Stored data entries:
________________________________________
(* Choose v in the support of a outside the preimages of all atoms false at a;
   an element of N whose support is the line of v then satisfies exactly the
   same atoms. *)
Lemma exists_agree_on (e0 : N) (a : M) (L : seq (term R d * H)) :
  exists b : N, agree_on L a b.
Proof.
set S := support HM d3 a.
have SK tp : List.In tp L -> ~ sle (term_sub tp.1 S) tp.2 ->
    exists2 u, mem S u & ~ mem (term_preim tp.1 tp.2) u.
  move=> _ nle; apply: NNPP => noU; apply: nle => _ /mem_term_subP [u Su ->].
  by apply: NNPP => nu; apply: noU; exists u.
have [v Sv vK] := avoid_subspaces SK.
have [b bv] := exists_support_span1 HN d3 e0 v.
exists b => -[t p] tpL /=.
rewrite (rel_eval1P HM d3) (rel_eval1P HN d3); split=> tp.
  apply: sle_trans (term_sub_mono (seq_sub_sle bv)) _.
  by apply: sle_trans tp; apply: term_sub_mono => _ [c ->]; apply: mem_subZ.
apply: NNPP => nle; apply: (vK (t, p) tpL nle); apply: tp.
by apply: mem_term_sub; apply/bv; exists 1; rewrite scale1r.
Qed.

End Agreement.

Section Transfer.
Variables (R : realType) (d : nat) (M N : structure R d).
Local Notation H := (subspace R d).
Local Notation term := (term R d).
Local Notation formula := (formula R d).

Fixpoint atoms (f : formula) : seq (term * H) :=
  match f with
  | FRel p t => [:: (t, p)]
  | FFalse => [::]
  | FNot g | FAll _ g | FEx _ g => atoms g
  | FAnd g h | FOr g h | FImp g h => atoms g ++ atoms h
  end.

Lemma term_var_ex (t : term) : exists n, term_var n t.
Proof. by elim: t => [n|U t IH|q t IH] //=; exists n. Qed.

Lemma eval_term_var (K : structure R d) (rho : nat -> K) (t : term) n :
  term_var n t -> eval rho t = eval1 (rho n) t.
Proof. by elim: t => [m|U t IH|q t IH] /= => [->|/IH ->|/IH ->]. Qed.

Hypothesis MN : forall (a : M) L, exists b : N, agree_on L a b.
Hypothesis NM : forall (b : N) L, exists a : M, agree_on L a b.

(* Every term has a single variable, so the atoms of f only see the values of
   the assignments at the free variables of f. *)
Definition agree_at (f : formula) (rho : nat -> M) (sigma : nat -> N) : Prop :=
  forall n, free_in n f -> forall t p, List.In (t, p) (atoms f) -> term_var n t ->
    (i_rel p (eval rho t) <-> i_rel p (eval sigma t)).

Lemma agree_at_app (f g h : formula) rho sigma : agree_at f rho sigma ->
  (forall n, free_in n g \/ free_in n h -> free_in n f) ->
  atoms f = atoms g ++ atoms h ->
  agree_at g rho sigma /\ agree_at h rho sigma.
Proof.
move=> fa fr af; split=> n n_gh t p tp_gh; apply: fa; rewrite ?af;
  by [apply: fr; (left + right) | apply: List.in_or_app; (left + right)].
Qed.

Lemma agree_at_upd m (g : formula) rho sigma (a : M) (b : N) :
  agree_at (FAll m g) rho sigma -> agree_on (atoms g) a b ->
  agree_at g (upd rho m a) (upd sigma m b).
Proof.
move=> ag ab n gn t p tpg tn; rewrite !(eval_term_var _ tn) /upd.
case: eqP => [_|nm]; first exact: (ab (t, p) tpg).
rewrite -!(eval_term_var _ tn); apply: (ag n _ t p tpg tn).
by split=> // mn; apply: nm.
Qed.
________________________________________
YOUR ASSIGNMENT » Your task is to copy every record exactly.

RESULT OF THIS TASK »
(* Choose v in the support of a outside the preimages of all atoms false at a;
   an element of N whose support is the line of v then satisfies exactly the
   same atoms. *)
Lemma exists_agree_on (e0 : N) (a : M) (L : seq (term R d * H)) :
  exists b : N, agree_on L a b.
Proof.
set S := support HM d3 a.
have SK tp : List.In tp L -> ~ sle (term_sub tp.1 S) tp.2 ->
    exists2 u, mem S u & ~ mem (term_preim tp.1 tp.2) u.
  move=> _ nle; apply: NNPP => noU; apply: nle => _ /mem_term_subP [u Su ->].
  by apply: NNPP => nu; apply: noU; exists u.
have [v Sv vK] := avoid_subspaces SK.
have [b bv] := exists_support_span1 HN d3 e0 v.
exists b => -[t p] tpL /=.
rewrite (rel_eval1P HM d3) (rel_eval1P HN d3); split=> tp.
  apply: sle_trans (term_sub_mono (seq_sub_sle bv)) _.
  by apply: sle_trans tp; apply: term_sub_mono => _ [c ->]; apply: mem_subZ.
apply: NNPP => nle; apply: (vK (t, p) tpL nle); apply: tp.
by apply: mem_term_sub; apply/bv; exists 1; rewrite scale1r.
Qed.

End Agreement.

Section Transfer.
Variables (R : realType) (d : nat) (M N : structure R d).
Local Notation H := (subspace R d).
Local Notation term := (term R d).
Local Notation formula := (formula R d).

Fixpoint atoms (f : formula) : seq (term * H) :=
  match f with
  | FRel p t => [:: (t, p)]
  | FFalse => [::]
  | FNot g | FAll _ g | FEx _ g => atoms g
  | FAnd g h | FOr g h | FImp g h => atoms g ++ atoms h
  end.

Lemma term_var_ex (t : term) : exists n, term_var n t.
Proof. by elim: t => [n|U t IH|q t IH] //=; exists n. Qed.

Lemma eval_term_var (K : structure R d) (rho : nat -> K) (t : term) n :
  term_var n t -> eval rho t = eval1 (rho n) t.
Proof. by elim: t => [m|U t IH|q t IH] /= => [->|/IH ->|/IH ->]. Qed.

Hypothesis MN : forall (a : M) L, exists b : N, agree_on L a b.
Hypothesis NM : forall (b : N) L, exists a : M, agree_on L a b.

(* Every term has a single variable, so the atoms of f only see the values of
   the assignments at the free variables of f. *)
Definition agree_at (f : formula) (rho : nat -> M) (sigma : nat -> N) : Prop :=
  forall n, free_in n f -> forall t p, List.In (t, p) (atoms f) -> term_var n t ->
    (i_rel p (eval rho t) <-> i_rel p (eval sigma t)).

Lemma agree_at_app (f g h : formula) rho sigma : agree_at f rho sigma ->
  (forall n, free_in n g \/ free_in n h -> free_in n f) ->
  atoms f = atoms g ++ atoms h ->
  agree_at g rho sigma /\ agree_at h rho sigma.
Proof.
move=> fa fr af; split=> n n_gh t p tp_gh; apply: fa; rewrite ?af;
  by [apply: fr; (left + right) | apply: List.in_or_app; (left + right)].
Qed.

Lemma agree_at_upd m (g : formula) rho sigma (a : M) (b : N) :
  agree_at (FAll m g) rho sigma -> agree_on (atoms g) a b ->
  agree_at g (upd rho m a) (upd sigma m b).
Proof.
move=> ag ab n gn t p tpg tn; rewrite !(eval_term_var _ tn) /upd.
case: eqP => [_|nm]; first exact: (ab (t, p) tpg).
rewrite -!(eval_term_var _ tn); apply: (ag n _ t p tpg tn).
by split=> // mn; apply: nm.
Qed.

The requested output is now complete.